Deduplicates gates by name across files. Test files and vendor directories are skipped.

This data feeds into the CPG upgrade domain query CGA-U03 (ungated-feature), which detects functions that check unregistered gates or feature-related functions that lack gate checks entirely.

Cache Config extractor

Analyzes controller-runtime cache configuration. See Cache Analysis for details.

Operator Config extractor

Scans Go const/var blocks in controller, config, and root-level source files. Classifies each constant by category using a precedence-based heuristic:

  • image: Container image references (registry paths, :tag suffixes)
  • port: Port numbers (numeric values 1-65535 with port-related names)
  • timeout: Duration values (time.Second, time.Minute, etc.)
  • env_var: Environment variable names (UPPER_SNAKE_CASE)
  • resource: Kubernetes resource quantities (100m, 256Mi, etc.)
  • name_pattern: Kubernetes object names (lowercase with hyphens)
  • general: Everything else

Deduplicates against status condition constants to avoid overlap. Skips iota-only blocks, test files, and vendor directories.

Reconcile Sequences extractor

Parses Reconcile() and reconcile*() methods using go/ast to extract the ordered sequence of sub-resource reconciliation steps. For each step, captures:

  • Method name and derived component (e.g., ReconcileDatabase -> Database)
  • Conditional guards (if-blocks wrapping the call)
  • Source location

This reveals the reconciliation order and which steps are conditional on configuration.

Prometheus Metrics extractor

Regex-based extraction of Prometheus metric registrations. Matches prometheus.New{Gauge,Counter,Histogram,Summary}(Vec)? and promauto.New* patterns. For each metric:

  • Composes the full metric name from Namespace + Subsystem + Name fields
  • Extracts help text
  • Captures labels from []string{...} literals for Vec types
  • Reports metric type and source location

Status Conditions extractor

Parses Go const blocks using go/ast to extract status condition type and reason constants. Detects conditions by:

  • Explicit type annotations (ConditionType, StatusConditionType)
  • Name suffixes (Available, Ready, Degraded, Progressing, Reconciled)
  • Name prefixes (Condition*, Reason*)

Associates reason constants with their preceding condition type within the same const block. Returns Go constant names for dedup with the operator config extractor.

Platform Detection extractor

Three-pass detection of platform-specific behavior:

  1. Capability structs: Finds struct types with boolean fields matching platform patterns (IsOpenShift, HasRoute, HasIstio, etc.) with a blocklist for common non-platform booleans (IsDeleted, IsReady, HasError)
  2. API discovery calls: Matches discovery.ServerResourcesForGroupVersion, RESTMapper().ResourcesFor, and similar runtime capability checks
  3. Conditional resource creation: Scans reconciler functions for if-blocks guarded by capability checks, extracting the resource kind and action from the body

Go AST extractors

Extractors 23-25 use go/packages for type-resolved analysis of Go source. When go/packages loading fails (missing dependencies, non-Go repos), they fall back gracefully to go/parser extractors. See Go AST Extraction for full details.

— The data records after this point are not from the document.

Lemma SN2_Nfree : Nfree (SN2le le).
Proof.
move=> a b c d; apply/negP => N2.
have {N2} : Ndiag (SN2le le) b c by apply/existsP; exists a; apply/existsP; exists d.
move=> N2; have [b1 [c1 [Eb Ec]]] := Ndiag_sub_old SN_refl SN_anti SN_trans N2; subst b c.
move: N2; rewrite /SN2le (Ndiag_SN_inlE SN_refl SN_anti SN_trans).
case/and4P=> bc1 nN1 w1 s1.
have [b0 [c0 [Eb Ec bc k0 w]]] := wedge_sub leR leA leT bc1 w1; subst b1 c1.
have nN : ~~ Ndiag le b0 c0 by rewrite -subk_SNk_gt0 k0.
have ns : ~~ star_marked le (Ndiag le) b0 c0.
  by move: nN1; rewrite (Ndiag_SN_inlE leR leA leT) bc nN w.
by rewrite (negbTE (nstar_Ndiag_SN_inl leR leA leT bc ns)) in s1.
Qed.

Lemma SN2_added_subk_gt0 k x y :
  Nfree (suble le k) -> cov x y -> SN2_added le x y -> 0 < k x y.
Proof.
move=> free xy [z [_ [xz zy]]].
have Ndiag_gt0 : subrel (Ndiag le) (fun u v => 0 < subk le k u v).
  move=> u v N; apply: (Nfree_subk_gt0 leR leA leT free (Ndiag_coverb N) (Ndiag_wedge N)).
  by rewrite N.
have -> : k x y = subk le k x y by rewrite /subk xy.
have [N | nN] := boolP (Ndiag le x y); first exact: Ndiag_gt0.
have : Ndiag (SNle le) (inl x) (inl y).
  apply: contraT => nN1.
  have xy2 : coverb (SN2le le) (SN2emb le x) (SN2emb le y).
    rewrite /SN2le (coverb_SN_inl SN_refl SN_anti SN_trans).
    by rewrite (coverb_SN_inl leR leA leT) xy nN nN1.
  by case: (coverb_nomid xy2 xz zy).
rewrite (Ndiag_SN_inlE leR leA leT) => /and4P [_ _ w s].
apply: (Nfree_subk_gt0 leR leA leT free xy w).
by rewrite (star_marked_mono Ndiag_gt0 s) orbT.
Qed.

End DoubleSN.

Theorem theorem1 (d : Order.disp_t) (T : finPOrderType d) :
  Nfree (SN2le (fun x y : T => (x <= y)%O)) /\
  (forall k : T -> T -> nat,
     Nfree (suble (fun x y : T => (x <= y)%O) k) ->
     forall x y : T, coverb (fun x y : T => (x <= y)%O) x y ->
       SN2_added (fun x y : T => (x <= y)%O) x y -> 0 < k x y).
Proof.
have leR : reflexive (fun x y : T => (x <= y)%O) := @Order.POrderTheory.lexx _ T.
have leA : antisymmetric (fun x y : T => (x <= y)%O) := @Order.POrderTheory.le_anti _ T.
have leT : transitive (fun x y : T => (x <= y)%O) := @Order.POrderTheory.le_trans _ T.
split; first exact: SN2_Nfree leR leA leT.
by move=> k free x y; exact: (SN2_added_subk_gt0 leR leA leT free).
Qed.
Definition Kt (i j : 'I_N) (z : pt) : set side :=
  [set k | exists p, nearest (Csub i j k) z p /\ Pt i j z p].

Definition desc (i j : 'I_N) (zs : pt) : R :=
  inf [set edist z zs | z in [set z | exists k, Kt i j zs k /\ ~ Csub i j k z]].

(* d_sep(zs, C_t) = min over k not in K_t(zs) of d(zs, C_{t,k})
   (a finite set, so its infimum is its minimum) *)
Definition dsep (i j : 'I_N) (zs : pt) : R :=
  inf [set dset zs (Csub i j k) | k in ~` Kt i j zs].

End Packing.

From Pilot Require Import Defs.
From HB Require Import structures.
From mathcomp Require Import all_boot all_order all_algebra.
From mathcomp Require Import all_classical all_reals.
From mathcomp Require Import topology normedtype derive.
From mathcomp Require Import lra ring.
(* Re-import Defs so that its [edist] shadows the one of topology. *)
Import Defs.
Import Order.TTheory GRing.Theory Num.Theory numFieldNormedType.Exports.
Local Open Scope ring_scope.
Local Open Scope classical_set_scope.
Set Implicit Arguments. Unset Strict Implicit.

(* At a fixed point z^* of T_t the relaxed projection does not move, so z^* is
   its own nearest point in C_t and lies in the unique active piece C_{t,k0}.
   Let d = ||z - z^*||.  Every inactive piece C_{t,k} is at distance at least
   d_sep - d from z, since d(., C) is 1-Lipschitz.  On the other hand the open
   ball of radius d_esc about z^* lies in C_{t,k0}, so walking from z towards
   z^* reaches C_{t,k0} after less than d_sep - d whenever 2d < d_sep + d_esc.
   Hence d(z, C_{t,k0}) < d(z, C_{t,k}) for all k <> k0, and the nearest points
   of C_t to z are exactly those of C_{t,k0}.  These exist because C_{t,k} only
   constrains x_i, x_j, y_i, y_j, through a box and a polygon
   {0 <= a <= A, 0 <= b <= B, a + w <= b}; on the polygon the squared distance
   is minimised by the extreme value theorem in a, with b clamped to its
   admissible interval. *)

Section EuclideanDistance.
Variables (R : realType) (N : nat).
Implicit Types (a b c z : pt R N) (S : set (pt R N)).

Lemma edist_ge0 a b : 0 <= edist a b.
Proof. exact: sqrtr_ge0. Qed.

Lemma edistC a b : edist a b = edist b a.
Proof. by rewrite /edist; congr Num.sqrt; apply: eq_bigr => l _; ring. Qed.

Lemma edistxx a : edist a a = 0.
Proof. by rewrite /edist big1 ?sqrtr0 // => l _; rewrite !subrr; ring. Qed.

Lemma ge0_quadratic_discr (X Y Z : R) : 0 <= Z ->
  (forall t, 0 <= X + 2 * t * Y + t ^+ 2 * Z) -> Y ^+ 2 <= X * Z.
Proof.
move=> Z0 nonneg; have X0 : 0 <= X by have := nonneg 0; nra.
have [Zgt0|Zle0] := ltP 0 Z.
  have tZ : (- Y / Z) * Z = - Y by rewrite divfK // gt_eqF.
  by have := nonneg (- Y / Z); nra.
have {Zle0} Zeq0 : Z = 0 by apply/eqP; rewrite eq_le Zle0 Z0.
have [-> | Yneq0] := eqVneq Y 0; first by rewrite Zeq0; lra.
have tY : 2 * (- (X + 1) / (2 * Y)) * Y = - (X + 1) by field.
by have := nonneg (- (X + 1) / (2 * Y)); rewrite tY Zeq0; lra.
Qed.

Lemma minkowski {I : finType} (p q r s : I -> R) :
  Num.sqrt (\sum_l ((p l + r l) ^+ 2 + (q l + s l) ^+ 2)) <=
  Num.sqrt (\sum_l (p l ^+ 2 + q l ^+ 2)) + Num.sqrt (\sum_l (r l ^+ 2 + s l ^+ 2)).
Proof.
set X := \sum_l (p l ^+ 2 + q l ^+ 2).
set Z := \sum_l (r l ^+ 2 + s l ^+ 2).
set Y := \sum_l (p l * r l + q l * s l).
have X0 : 0 <= X by apply: sumr_ge0 => l _; rewrite addr_ge0 ?sqr_ge0.
have Z0 : 0 <= Z by apply: sumr_ge0 => l _; rewrite addr_ge0 ?sqr_ge0.
have expand t : \sum_l ((p l + t * r l) ^+ 2 + (q l + t * s l) ^+ 2)
    = X + 2 * t * Y + t ^+ 2 * Z.
  by rewrite /X /Y /Z !mulr_sumr -!big_split /=; apply: eq_bigr => l _; ring.
have cauchy_schwarz : Y <= Num.sqrt X * Num.sqrt Z.
  have : Y ^+ 2 <= X * Z.
    apply: ge0_quadratic_discr => // t; rewrite -expand.
    by apply: sumr_ge0 => l _; rewrite addr_ge0 ?sqr_ge0.
  rewrite -sqrtrM // -ler_sqrt ?mulr_ge0 // sqrtr_sqr => YXZ.
  exact: le_trans (ler_norm Y) YXZ.
have := expand 1; under eq_bigr do rewrite !mul1r; move->.
rewrite -[leRHS]ger0_norm ?addr_ge0 ?sqrtr_ge0 // -sqrtr_sqr ler_sqrt ?sqr_ge0 //.
by rewrite sqrrD !sqr_sqrtr //; lra.
Qed.

Lemma edist_triangle a b c : edist a c <= edist a b + edist b c.
Proof.
have := minkowski (fun l => a.1 l - b.1 l) (fun l => a.2 l - b.2 l)
  (fun l => b.1 l - c.1 l) (fun l => b.2 l - c.2 l).
congr (Num.sqrt _ <= _); apply: eq_bigr => l _ /=.
by congr (_ ^+ 2 + _ ^+ 2); ring.
Qed.

Lemma edist_scale a b c d (t : R) :
  (forall l, a.1 l - b.1 l = t * (c.1 l - d.1 l)) ->
  (forall l, a.2 l - b.2 l = t * (c.2 l - d.2 l)) ->
  edist a b = `|t| * edist c d.
Proof.
move=> e1 e2; rewrite /edist -sqrtr_sqr -sqrtrM ?sqr_ge0 //; congr Num.sqrt.
by rewrite mulr_sumr; apply: eq_bigr => l _; rewrite e1 e2; ring.
Qed.

Definition sqdist (f g : 'I_N -> R) := \sum_l (f l - g l) ^+ 2.

Lemma edist_sqdist a b : edist a b = Num.sqrt (sqdist a.1 b.1 + sqdist a.2 b.2).
Proof. by rewrite /edist big_split. Qed.

Lemma dset_le z {S c} : S c -> dset z S <= edist z c.
Proof.
move=> Sc; apply: ge_inf; last by exists c.
by exists 0 => _ [c' _ <-]; exact: edist_ge0.
Qed.

Lemma dset_ge z S x : S !=set0 -> (forall c, S c -> x <= edist z c) -> x <= dset z S.
Proof.
move=> [c0 Sc0] lb; apply: lb_le_inf; first by exists (edist z c0), c0.
by move=> _ [c Sc <-]; exact: lb.
Qed.

Lemma dset_ge0 z S : 0 <= dset z S.
Proof.
have [-> | /set0P S0] := eqVneq S set0; first by rewrite /dset image_set0 inf0.
by apply: dset_ge => // c _; exact: edist_ge0.
Qed.

Lemma nearestP S z p :
  nearest S z p <-> S p /\ forall c, S c -> edist z p <= edist z c.
Proof.
split=> [[Sp ->] | [Sp pmin]]; first by split=> // c; exact: dset_le.
split=> //; apply/eqP; rewrite eq_le dset_le // andbT.
by apply: dset_ge; first exists p.
Qed.

Lemma dset_lipschitz a b S : S !=set0 -> dset a S <= edist a b + dset b S.
Proof.
move=> S0; rewrite -lerBlDl; apply: dset_ge => // c Sc.
by have := dset_le a Sc; have := edist_triangle a b c; lra.
Qed.

(* Walk from z towards a: the point of [a, z] at distance s from a, with
   d - rho < s < e, lies in the ball and is within d - s < rho of z. *)
Lemma near_point_of_ball_sub S a z e rho : S a ->
  (forall y, edist y a < e -> S y) -> 0 < rho -> edist a z < rho + e ->
  exists2 q, S q & edist z q < rho.
Proof.
move=> Sa ballS rho0; set d := edist a z => dlt.
have [d_rho | rho_d] := ltP d rho; first by exists a; rewrite // edistC.
have d0 : 0 < d by exact: lt_le_trans rho0 rho_d.
have [s [rho_s s_e s_d]] : exists s, [/\ d - rho < s, s < e & s <= d].
  have min_lb : d - rho < Num.min e d by rewrite lt_min; apply/andP; split; lra.
  have min_e : Num.min e d <= e by rewrite ge_min lexx.
  have min_d : Num.min e d <= d by rewrite ge_min lexx orbT.
  by exists ((d - rho + Num.min e d) / 2); split; lra.
have t0 : 0 <= s / d by rewrite divr_ge0 //; lra.
have t1 : s / d <= 1 by rewrite ler_pdivrMr // mul1r.
pose q := relax (s / d) a z.
have qa : edist q a = s.
  rewrite (@edist_scale _ _ z a (s / d)) => [|l|l] /=; try ring.
  by rewrite ger0_norm // edistC -/d divfK ?gt_eqF.
have zq : edist z q = d - s.
  rewrite (@edist_scale _ _ z a (1 - s / d)) => [|l|l] /=; try ring.
  by rewrite ger0_norm ?subr_ge0 // edistC -/d mulrBl mul1r divfK ?gt_eqF.
by exists q; [apply: ballS; rewrite qa; lra | rewrite zq; lra].
Qed.

End EuclideanDistance.

Section PlanarProjection.
Variable R : realType.

Definition clamp (lo hi x : R) := Num.max lo (Num.min x hi).

Lemma clamp_itv {lo hi} x : lo <= hi -> lo <= clamp lo hi x <= hi.
Proof. by move=> lohi; rewrite /clamp le_max ge_max ge_min !lexx lohi orbT. Qed.

Lemma clamp_nearest {lo hi d} x : lo <= d <= hi ->
  (x - clamp lo hi x) ^+ 2 <= (x - d) ^+ 2.
Proof.
move=> /andP[lod dhi]; rewrite /clamp maxEle minEle.
have := sqr_ge0 (x - d).
have [xhi|hix] := leP x hi; first by have [lox|xlo] := leP lo x => /=; nra.
have lohi : lo <= hi by lra.
by rewrite lohi /=; nra.
Qed.

Lemma continuous_sqr_sub (v : R) (f : R -> R) :
  continuous f -> continuous (fun a => (v - f a) ^+ 2).
Proof.
move=> cf a; have cvf : {for a, continuous (fun a => v - f a)}.
  exact: (@continuousB _ _ _ (fun=> v) f a (cvg_cst _) (cf a)).
exact: (continuousM cvf cvf).
Qed.

Definition nearest2 (G : R -> R -> Prop) (u v a b : R) :=
  G a b /\ forall c d, G c d -> (u - a) ^+ 2 + (v - b) ^+ 2 <= (u - c) ^+ 2 + (v - d) ^+ 2.

Definition proximinal2 (G : R -> R -> Prop) :=
  forall u v, (exists a b, G a b) -> exists a b, nearest2 G u v a b.

Definition box2 (A B a b : R) := 0 <= a <= A /\ 0 <= b <= B.

Definition ordered2 (A B w a b : R) := box2 A B a b /\ a + w <= b.

Lemma proximinal_box2 A B : proximinal2 (box2 A B).
Proof.
move=> u v [a0 [b0 [/andP[a00 a0A] /andP[b00 b0B]]]].
exists (clamp 0 A u), (clamp 0 B v); split=> [|c d [cI dI]].
  by split; apply: clamp_itv; lra.
by have := clamp_nearest u cI; have := clamp_nearest v dI; lra.
Qed.

Lemma proximinal_ordered2 A B w : proximinal2 (ordered2 A B w).
Proof.
move=> u v [a0 [b0 feas0]].
pose lo a := Num.max 0 (a + w).
(* squared distance to the nearest admissible point with first coordinate a *)
pose slice a := (u - a) ^+ 2 + (v - clamp (lo a) B v) ^+ 2.
pose A' := Num.min A (B - w).
have feasible c d : ordered2 A B w c d -> 0 <= c <= A' /\ lo c <= d <= B.
  move=> [[/andP[c0 cA] /andP[d0 dB]] cd].
  have cA' : c <= A' by rewrite le_min cA /=; lra.
  have loc : lo c <= d by rewrite ge_max d0.
  by rewrite c0 cA' loc dB.
have [/andP[a00 a0A'] /andP[lob0 b0B]] := feasible _ _ feas0.
have [a aI amin] :
    exists2 a, a \in `[0, A']%R & forall c, c \in `[0, A']%R -> slice a <= slice c.
  apply: EVT_min; first exact: le_trans a00 a0A'.
  apply: continuous_subspaceT => x.
  have clo : continuous lo.
    move=> y; apply: (@continuous_max _ _ (fun=> 0) (fun y => y + w)); first exact: cvg_cst.
    by apply: cvgD; [exact: cvg_id | exact: cvg_cst].
  have cb : continuous (fun a => clamp (lo a) B v).
    by move=> y; exact: (@continuous_max _ _ lo (fun=> Num.min v B) y (clo y) (cvg_cst _)).
  have cu := @continuous_sqr_sub u id (fun _ => cvg_id).
  have cv := @continuous_sqr_sub v _ cb.
  exact: (continuousD (cu x) (cv x)).
move: aI; rewrite in_itv /= le_min => /andP[a_ge0 /andP[aA aBw]].
have loB : lo a <= B.
  by rewrite ge_max; move: lob0; rewrite ge_max => /andP[? ?]; apply/andP; split; lra.
have /andP[lob bB] := clamp_itv v loB; move: lob; rewrite ge_max => /andP[b0' ab].
exists a, (clamp (lo a) B v); split=> [|c d cd]; first by split; [split; apply/andP|].
have [cI dI] := feasible c d cd.
have := amin c; rewrite in_itv /= => /(_ cI); have := clamp_nearest v dI; rewrite /slice; lra.
Qed.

Go CRD Extraction (go_crds.go)

Extracts CRDs from Go types when generated YAML manifests are absent (common in operators that .gitignore their generated manifests). Finds types marked with +kubebuilder:object:root=true and extracts:

  • Group, version, kind (GVK) resolved from SchemeBuilder, GroupVersion, or package path
  • Scope (+kubebuilder:resource:scope=Cluster vs default Namespaced)
  • Storage version markers (+kubebuilder:storageversion)
  • Hub/spoke conversion markers for multi-version CRDs
  • Field count from struct definitions
  • CEL validation rules from +kubebuilder:validation:XValidation markers

YAML-extracted CRDs are authoritative. Go-sourced CRDs supplement the output only when no YAML equivalent exists. The go_source field on each CRD indicates its discovery source.

Webhook Behavioral Analysis (go_webhooks.go)

Analyzes webhook Default() and Validate*() method bodies to extract what each webhook actually does, not just what resources it intercepts.

For mutating webhooks (Default() methods):

  • Detects field assignments (e.g., w.Spec.Image = "default")
  • Resolves conditional guards (e.g., if w.Spec.Image == "")
  • Follows same-receiver method calls (e.g., r.setGPUDefaults()) to find nested mutations

For validating webhooks (ValidateCreate(), ValidateUpdate(), ValidateDelete()):

  • Detects field-level validation checks
  • Classifies validation type (e.g., "invalid check", "required check")
  • Follows same-receiver helper methods

Each mutation or validation is reported with the target field path and triggering condition.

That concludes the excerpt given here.